Lemma rep_weak_order : weak_order pref.
Proof.
  split.
  - intros x y Hx Hy; rewrite (rep x y), (rep y x) by auto; lra.
  - intros x y z Hx Hy Hz; rewrite (rep x y), (rep y z), (rep x z) by auto; lra.
Qed.

Lemma rep_continuity : pref_continuity pref.
Proof.
  intros x y z Hx Hy Hz _ _; split.
  - apply (closed_set_ext _ (fun a => 0 <= a <= 1 /\
      0 <= (disc_util d x - disc_util d z) * a + (disc_util d z - disc_util d y)));
      [|apply closed_set_unit_affine].
    intro a; rewrite rep, disc_util_mix by auto; split; intros [Ha H]; split; auto; lra.
  - apply (closed_set_ext _ (fun a => 0 <= a <= 1 /\
      0 <= (disc_util d z - disc_util d x) * a + (disc_util d y - disc_util d z)));
      [|apply closed_set_unit_affine].
    intro a; rewrite rep, disc_util_mix by auto; split; intros [Ha H]; split; auto; lra.
Qed.

Lemma rep_ICRP : ICRP pref.
Proof.
  intros x y th Hx Hy; rewrite (rep x y), rep, !disc_util_add, disc_util_cst by auto; lra.
Qed.

Lemma rep_convexity : convexity pref.
Proof.
  intros x y th l Hx Hy; rewrite !rep, disc_util_mix, !disc_util_cst by auto.
  intros Hxt Hyt Hl; nra.
Qed.

Lemma rep_ISU : ISU pref.
Proof. intros x y a Hx Hy; rewrite (rep x y), rep, !disc_util_scal by auto; nra. Qed.

Lemma rep_IOU : IOU pref.
Proof. intros x y z Hx Hy Hz; rewrite !rep_sim, !disc_util_add by auto; lra. Qed.

Lemma rep_strong_monotonicity : strong_monotonicity pref.
Proof.
  intros x y Hx Hy; split.
  - intro Hxy; apply rep, Rle_ge, disc_util_mono; auto.
  - intros [Hxy Hne]; apply rep_spref; auto.
    destruct (not_all_ex_not _ _ (fun H => Hne (functional_extensionality x y H))) as [t0 Ht0].
    apply (disc_util_strict_mono d Hd x y t0); auto.
    specialize (Hxy t0); lra.
Qed.

Lemma rep_IDIS : IDIS pref.
Proof.
  intros x dd Hx Hdd; rewrite !rep, !disc_util_add, disc_util_shift0 by auto.
  intro H; nra.
Qed.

> _What is required_
Every entry is to be repeated exactly as it stands.

> _Expected answer_
Lemma rep_weak_order : weak_order pref.
Proof.
  split.
  - intros x y Hx Hy; rewrite (rep x y), (rep y x) by auto; lra.
  - intros x y z Hx Hy Hz; rewrite (rep x y), (rep y z), (rep x z) by auto; lra.
Qed.

Lemma rep_continuity : pref_continuity pref.
Proof.
  intros x y z Hx Hy Hz _ _; split.
  - apply (closed_set_ext _ (fun a => 0 <= a <= 1 /\
      0 <= (disc_util d x - disc_util d z) * a + (disc_util d z - disc_util d y)));
      [|apply closed_set_unit_affine].
    intro a; rewrite rep, disc_util_mix by auto; split; intros [Ha H]; split; auto; lra.
  - apply (closed_set_ext _ (fun a => 0 <= a <= 1 /\
      0 <= (disc_util d z - disc_util d x) * a + (disc_util d y - disc_util d z)));
      [|apply closed_set_unit_affine].
    intro a; rewrite rep, disc_util_mix by auto; split; intros [Ha H]; split; auto; lra.
Qed.

Lemma rep_ICRP : ICRP pref.
Proof.
  intros x y th Hx Hy; rewrite (rep x y), rep, !disc_util_add, disc_util_cst by auto; lra.
Qed.

Lemma rep_convexity : convexity pref.
Proof.
  intros x y th l Hx Hy; rewrite !rep, disc_util_mix, !disc_util_cst by auto.
  intros Hxt Hyt Hl; nra.
Qed.

Lemma rep_ISU : ISU pref.
Proof. intros x y a Hx Hy; rewrite (rep x y), rep, !disc_util_scal by auto; nra. Qed.

Lemma rep_IOU : IOU pref.
Proof. intros x y z Hx Hy Hz; rewrite !rep_sim, !disc_util_add by auto; lra. Qed.

Lemma rep_strong_monotonicity : strong_monotonicity pref.
Proof.
  intros x y Hx Hy; split.
  - intro Hxy; apply rep, Rle_ge, disc_util_mono; auto.
  - intros [Hxy Hne]; apply rep_spref; auto.
    destruct (not_all_ex_not _ _ (fun H => Hne (functional_extensionality x y H))) as [t0 Ht0].
    apply (disc_util_strict_mono d Hd x y t0); auto.
    specialize (Hxy t0); lra.
Qed.

Lemma rep_IDIS : IDIS pref.
Proof.
  intros x dd Hx Hdd; rewrite !rep, !disc_util_add, disc_util_shift0 by auto.
  intro H; nra.
Qed.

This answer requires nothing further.